YOUR GOAL –
Once the line containing "(Bd k *m Q)." is found in the data below, output that line and every line after it through the last, unchanged and with nothing else.

RECORDS TO USE –
Lemma vanishing_quadric_skew B :
  (forall k, quad_at B (pts k) = 0) -> B + B^T = 0.
Proof.
move=> B0; set c := \tr (B *m Q).
have X0 : contraction_mx Q B = 0 by apply: bform_eq0 => u v; apply: pts_apolar => k; left.
have BBt : B + B^T = - (c *: P).
  by apply/eqP; rewrite -addr_eq0 addrC -contraction_mx_invmx X0 mulmx0 mul0mx.
have : \tr ((B + B^T) *m Q) = - (c *+ 4).
  by rewrite BBt mulNmx -scalemxAl mulVmx // raddfN /= mxtraceZ mxtrace1 mulr_natr.
rewrite mulmxDl mxtraceD mxtrace_trmx_mulQ -/c => /eqP.
rewrite -subr_eq0 opprK -mulr2n -mulrnDr mulrn_eq0 /= => /eqP c0.
by rewrite BBt c0 scale0r oppr0.
Qed.

Lemma apolar_pts_indep B : B^T = B -> (forall k, quad_at B (pts k) = 0) -> B = 0.
Proof.
move=> Bs /vanishing_quadric_skew/eqP.
by rewrite Bs -mulr2n -scaler_nat scaler_eq0 pnatr_eq0 => /eqP.
Qed.

(* Stating these through [Bd] pins the instances of [F] to the numFieldType
   ones, so that [ring] sees the same atoms everywhere. *)
Let Bd i : 'M[F]_4 := dual_quadric pts i.

Let Bd_sym i : (Bd i)^T = Bd i := dual_quadric_sym pts i.

Let quad_at_Bd i k : quad_at (Bd i) (pts k) = (k == i)%:R :=
  quad_at_dual_quadric apolar_pts_indep i k.

Let Bd_expansion B : B^T = B -> B = \sum_k quad_at B (pts k) *: Bd k :=
  sym_dual_expansion apolar_pts_indep (B := B).

Section DualPoint.
Variables (i : 'I_10) (e : 'rV[F]_4).
Hypothesis e_pt : dot e (pts i) = 1.
Local Notation a := (pts i).
Local Notation B := (Bd i).
Local Notation c := (\tr (Bd i *m Q)).
Let g := (e *m Q *m B) *+ 2 + c *: e.

Lemma dual_quadric_perp u : dot u a = 0 -> (u *m Q *m B) *+ 2 = - (c *: u).
Proof.
move=> ua; have uX : u *m contraction_mx Q B = 0.
  apply: dotl_eq0 => v; apply: pts_apolar => k.
  by rewrite quad_at_Bd; have [->|_] := eqVneq k i; [right | left].
have := congr1 (mulmx^~ P) uX; rewrite mul0mx /contraction_mx Bd_sym.
rewrite mulmxDr mulmxDl -scalemxAr -scalemxAl mulmxQK !mulmxA mulmxQK mulmxDr.
by rewrite -mulr2n => /eqP; rewrite addrC addr_eq0 => /eqP.
Qed.

Lemma dual_quadric_mulQ x : (x *m Q *m B) *+ 2 = - (c *: x) + dot x a *: g.
Proof.
have := dual_quadric_perp (u := x - dot x a *: e).
rewrite dotBl dotZl e_pt mulr1 subrr => /(_ erefl).
rewrite !mulmxBl -!scalemxAl /g; move: (x *m Q *m B) (e *m Q *m B) => X E h.
apply/rowP => l; have := congr1 (fun w : 'rV_4 => w 0 l) h; rewrite !mxE => hl.
by apply: (eq_of_sub_eq hl); ring.
Qed.

Lemma dual_quadric_bform x y :
  dot (x *m B) y *+ 2 = - (c * gram x y) + gram x a * dot g y.
Proof.
have := congr1 (fun w => dot w y) (dual_quadric_mulQ (x *m P)).
by rewrite /= mulmxPK dotMnl dotDl dotNl !dotZl.
Qed.

Lemma dual_quadric_trace : dot g a = 6 * c.
Proof.
(* Pair dual_quadric_mulQ with the standard basis and sum: 2 c = - 4 c + g.a *)
have two_c : c *+ 2 = \sum_l (- c + a 0 l * g 0 l).
  rewrite {1}mxtrace_mulC -sumrMnl; apply: eq_bigr => l _.
  have -> : (Q *m B) l l = dot (delta_mx 0 l *m Q *m B) (delta_mx 0 l).
    by rewrite dot_delta -mulmxA -rowE [RHS]mxE.
  rewrite -dotMnl dual_quadric_mulQ dotDl dotNl !dotZl !dot_delta mxE !eqxx mulr1.
  by rewrite dotC dot_delta.
rewrite big_split /= sumr_const card_ord -dotE dotC in two_c.
by apply: (eq_of_sub_eq (esym two_c)); ring.
Qed.

Lemma dual_quadric_diag : 5 * c * gram a a = 2.
Proof.
have := dual_quadric_bform a a.
rewrite [dot _ _](quad_at_Bd i i) eqxx /= dual_quadric_trace => h.
by apply: (eq_of_sub_eq (esym h)); ring.
Qed.

Lemma dual_quadric_offdiag j : j != i ->
  gram a a * gram (pts j) (pts j) = 6 * gram a (pts j) ^+ 2.
Proof.
move=> ji; set b := pts j.
have c_neq0 : c != 0.
  by apply: contra_eq_neq dual_quadric_diag => ->; rewrite mulr0 mul0r eq_sym pnatr_eq0.
have gram_ba : gram b a = gram a b by rewrite bformC ?invmx_sym.
have B_ba : dot (b *m B) a = dot (a *m B) b by rewrite bformC ?Bd_sym.
have h1 : gram a a * dot g b = 6 * c * gram a b.
  have := dual_quadric_bform b a; rewrite B_ba dual_quadric_trace gram_ba.
  by rewrite dual_quadric_bform => h; apply: (eq_of_sub_eq h); ring.
have h2 : c * gram b b = gram a b * dot g b.
  have := dual_quadric_bform b b; rewrite [dot _ _](quad_at_Bd i j) (negbTE ji) gram_ba.
  by rewrite /= mul0rn => /esym/eqP; rewrite addrC subr_eq0 => /eqP ->.
apply: (mulfI c_neq0); transitivity (gram a b * (gram a a * dot g b)).
  by rewrite mulrCA h2; ring.
by rewrite h1; ring.
Qed.
End DualPoint.

Hypothesis pts_neq0 : forall k, pts k != 0.

Lemma gram_diag k : 5 * \tr (Bd k *m Q) * gram (pts k) (pts k) = 2.
Proof. by have [e /dual_quadric_diag] := exists_dot_eq1 (pts_neq0 k). Qed.

Lemma gram_offdiag k l : l != k ->
  gram (pts k) (pts k) * gram (pts l) (pts l) = 6 * gram (pts k) (pts l) ^+ 2.
Proof.
by move=> lk; have [e e_pt] := exists_dot_eq1 (pts_neq0 k); apply: dual_quadric_offdiag e_pt l lk.
Qed.

Lemma gram_sym k l : gram (pts k) (pts l) = gram (pts l) (pts k).
Proof. by rewrite bformC ?invmx_sym. Qed.

Lemma gram_expand k0 k1 : gram (pts k0) (pts k1) =
  \sum_k gram (pts k0) (pts k) * gram (pts k1) (pts k) * \tr (Bd k *m Q).
Proof.
set y := pts k0 *m P; set z := pts k1 *m P; set B := y^T *m z + z^T *m y.
have Bsym : B^T = B by rewrite /B linearD /= !trmx_mul !trmxK addrC.
have := congr1 (fun A => \tr (A *m Q)) (Bd_expansion Bsym).
rewrite /= mulmx_suml raddf_sum /= {1}/B mulmxDl mxtraceD -!mulmxA mulVmx // !mulmx1.
rewrite !mxtrace_rank1 !(dotC (pts _)) (gram_sym k1 k0) -mulr2n => e.
apply/eqP; rewrite -(eqr_pMn2r (n := 2)) // e -sumrMnl; apply/eqP/eq_bigr => k _.
by rewrite -scalemxAl mxtraceZ /B quad_atD /quad_at !bform_rank1 !(dotC (pts _)); ring.
Qed.

Lemma no_apolar_ten_points : False.
Proof.
apply: (@gram_contradiction _ _ (fun k l => gram (pts k) (pts l))
  (fun k => \tr (Bd k *m Q)) 0 1 2) => //.
- exact: gram_sym.
- exact: gram_diag.
- exact: gram_offdiag.
- exact: gram_expand.
Qed.

End ApolarPoints.

Lemma ideal_of_points_linform_quadform (R : realType) k (a : 'I_k -> 'I_4 -> CC R) u v B :
  (forall i, quad_at B (\row_l a i l) = 0 \/ dot u (\row_l a i l) = 0) ->
  ideal_of_points a (linform u * linform v * quadform B).
Proof.
move=> hk i t; rewrite !mevalM meval_linform meval_quadform.
have -> : \row_l (t * a i l) = t *: \row_l a i l by apply/rowP => l; rewrite !mxE.
have -> : quad_at B (t *: \row_l a i l) = t ^+ 2 * quad_at B (\row_l a i l).
  by rewrite /quad_at -scalemxAl dotZl dotZr mulrA.
by rewrite dotZr; case: (hk i) => ->; rewrite !(mulr0, mul0r).
Qed.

SOLUTION –
  \sum_k gram (pts k0) (pts k) * gram (pts k1) (pts k) * \tr (Bd k *m Q).
Proof.
set y := pts k0 *m P; set z := pts k1 *m P; set B := y^T *m z + z^T *m y.
have Bsym : B^T = B by rewrite /B linearD /= !trmx_mul !trmxK addrC.
have := congr1 (fun A => \tr (A *m Q)) (Bd_expansion Bsym).
rewrite /= mulmx_suml raddf_sum /= {1}/B mulmxDl mxtraceD -!mulmxA mulVmx // !mulmx1.
rewrite !mxtrace_rank1 !(dotC (pts _)) (gram_sym k1 k0) -mulr2n => e.
apply/eqP; rewrite -(eqr_pMn2r (n := 2)) // e -sumrMnl; apply/eqP/eq_bigr => k _.
by rewrite -scalemxAl mxtraceZ /B quad_atD /quad_at !bform_rank1 !(dotC (pts _)); ring.
Qed.

Lemma no_apolar_ten_points : False.
Proof.
apply: (@gram_contradiction _ _ (fun k l => gram (pts k) (pts l))
  (fun k => \tr (Bd k *m Q)) 0 1 2) => //.
- exact: gram_sym.
- exact: gram_diag.
- exact: gram_offdiag.
- exact: gram_expand.
Qed.

End ApolarPoints.

Lemma ideal_of_points_linform_quadform (R : realType) k (a : 'I_k -> 'I_4 -> CC R) u v B :
  (forall i, quad_at B (\row_l a i l) = 0 \/ dot u (\row_l a i l) = 0) ->
  ideal_of_points a (linform u * linform v * quadform B).
Proof.
move=> hk i t; rewrite !mevalM meval_linform meval_quadform.
have -> : \row_l (t * a i l) = t *: \row_l a i l by apply/rowP => l; rewrite !mxE.
have -> : quad_at B (t *: \row_l a i l) = t ^+ 2 * quad_at B (\row_l a i l).
  by rewrite /quad_at -scalemxAl dotZl dotZr mulrA.
by rewrite dotZr; case: (hk i) => ->; rewrite !(mulr0, mul0r).
Qed.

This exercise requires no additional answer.